Kidnapped Venezuelan woman: I thought they would kill me

Maryeisy Carolina Barrios-Baldallo -
Maryeisy Carolina Barrios-Baldallo -

When Maryeisy Carolina Barrios-Baldallo was awoken and snatched from her bed by gunmen early on Tuesday morning, she did not know what would happen to her next, but she feared the worst.

Barrios-Baldallo, 22, was at home at Demerara Road, Wallerfield, Arima, when four gunmen entered the house. They tied up two Venezuelan co-tenants.

Her husband Jofre Piñero Herrera was also home, but left to get help before the bandits saw him.

Barrios-Baldallo was forced into the back seat of a black Mitsubishi SUV.

Eventually she was released by her kidnappers at around 6 pm on Tuesday.

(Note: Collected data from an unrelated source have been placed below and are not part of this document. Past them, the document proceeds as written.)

(* For [z = S w], the form at [w + t z] is [z^T S z t^2 + 2 z^T z t]. *)
Lemma psd_mulmx_eq0 n (S : 'M[R]_n) w : psd S -> bform S w w = 0 -> S *m w = 0.
Proof.
move=> [sS S_ge0] q0; set z := S *m w.
have wSz : bform S w z = (z^T *m z) 0 0 by rewrite /bform -{1}sS -trmx_mul.
have zSw : bform S z w = (z^T *m z) 0 0 by rewrite bformC.
have quad_ge0 t : 0 <= bform S z z * t ^+ 2 + (2 * (z^T *m z) 0 0) * t.
  have := S_ge0 (w + t *: z); rewrite -/(bform _ _ _).
  rewrite bformDl !bformDr !bformZl !bformZr q0 wSz zSw.
  by congr (0 <= _); ring.
have /eqP := quad_ge0_coef1_eq0 (S_ge0 z) quad_ge0.
by rewrite mulf_eq0 pnatr_eq0 /= => /eqP /dotmx_self_eq0.
Qed.

Lemma psd_unitmxD n (S E : 'M[R]_n) :
  psd S -> S \in unitmx -> psd E -> S + E \in unitmx.
Proof.
move=> Spsd uS Epsd; have [sSE _] := psdD Spsd Epsd.
rewrite -row_free_unit -kermx_eq0; apply/eqP/row_matrixP => i; rewrite row0.
set r := row i _; have rSE : r *m (S + E) = 0 by rewrite -row_mul mulmx_ker row0.
have SEr : (S + E) *m r^T = 0 by rewrite -sSE -trmx_mul rSE trmx0.
have qSE : bform S r^T r^T + bform E r^T r^T = 0.
  by rewrite -bformDm /bform -mulmxA SEr mulmx0 mxE.
have /psd_mulmx_eq0 Sr : bform S r^T r^T = 0.
  by move/eqP: qSE; rewrite paddr_eq0 ?(proj2 Spsd) ?(proj2 Epsd) // => /andP[/eqP].
have /(congr1 trmx) := congr1 (mulmx (invmx S)) (Sr Spsd).
by rewrite mulmx0 mulmxA mulVmx // mul1mx trmxK trmx0.
Qed.

(* With [P = D^-1 + E] and [D' = P^-1]: [D - D' = D' E D' + (D' E) D (D' E)^T]. *)
Lemma psd_subr_invmxD n (D E : 'M[R]_n) : psd D -> D \in unitmx -> psd E ->
  psd (D - invmx (invmx D + E)).
Proof.
move=> Dpsd uD Epsd; have Dipsd := psd_invmx Dpsd uD.
have uP : invmx D + E \in unitmx by rewrite psd_unitmxD ?unitmx_inv.
have [sD' _] := psd_invmx (psdD Dipsd Epsd) uP.
set D' := invmx (invmx D + E) in sD' *.
have eE : E = invmx D' - invmx D by rewrite /D' invmxK addrAC subrr add0r.
have uD' : D' \in unitmx by rewrite unitmx_inv.
have D'ED : D' *m E *m D = D - D'.
  by rewrite eE mulmxBr mulmxBl mulmxV // mul1mx -mulmxA mulVmx // mulmx1.
have DED' : D *m E *m D' = D - D'.
  by rewrite eE mulmxBr mulmxBl -mulmxA mulVmx // mulmx1 mulmxV // mul1mx.
have -> : D - D' = D' *m E *m D'^T + (D' *m E) *m D *m (D' *m E)^T.
  rewrite trmx_mul sD' (proj1 Epsd).
  have -> : D' *m E *m D *m (E *m D') = D' *m E *m (D *m E *m D') by rewrite !mulmxA.
  by rewrite DED' mulmxBr D'ED [RHS]addrC subrK.
by apply: psdD; apply: psd_mulmx_tr.
Qed.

Speaking with Newsday outside the Arima police station, where she and her husband were waiting to be interviewed by police on Wednesday morning, Barrios-Baldallo said during the ordeal, she was afraid she would be killed.

"God really protected me. I'm just happy to return alive. I thought I would have been killed or that they would have taken me away and that I wouldn't have come back."

Barrios-Baldallo said she could not identify where her kidnappers took her, but believed it was somewhere in the hills of Arima, judging from the movement of the car.

She said she was not beaten.

She was released near the Larry Gomes Stadium, and from there she was able to get a car to take her to her home in Demerara Road, where she was reunited with her husband before going to the Arima police station and the Arima Hospital, where she was examined.

Barrios-Baldallo said she spoke on Tuesday night with her family in Venezuela, who had asked for constant updates on the situation from her husband.

"Everyone back home is fine. They were very worried about me. I know my mother was sending him (Herrera) a lot of voice notes on WhatsApp and he didn't answer, because he was looking for me and was worried as well."

The situation has left her shaken and fearful, but she does not have any ill will towards TT and its people. She hopes violence towards Venezuelan women will stop.

"Lately a lot of Venezuelan women have gone through many terrors. They have been kidnapped, abused and mistreated – there are many crimes against us.

"I do not discriminate against the country, but I only ask that these things stop happening. There is too much suffereing and violence please."

On May 17 a 22-year-old Venezuelan woman was robbed and raped by a taxi driver in Aripo.

Barrios-Baldallo said she and her husband were moving out of the house at Demerara Road, out of concern for their safety.

"We are all going to leave. We are already making arrangements to go to another place. We don't want any more danger to our lives."

Newsday also visited the house and spoke with one of the Venezuelans who
is also a tenant. He said he would also be moving to another area.

"I have my two small children who live with me here as well. I don't want anything happening to them, so I'm going somewhere else."

Up to Wednesday afternoon no arrests had been made.

Arima police are continuing enquiries.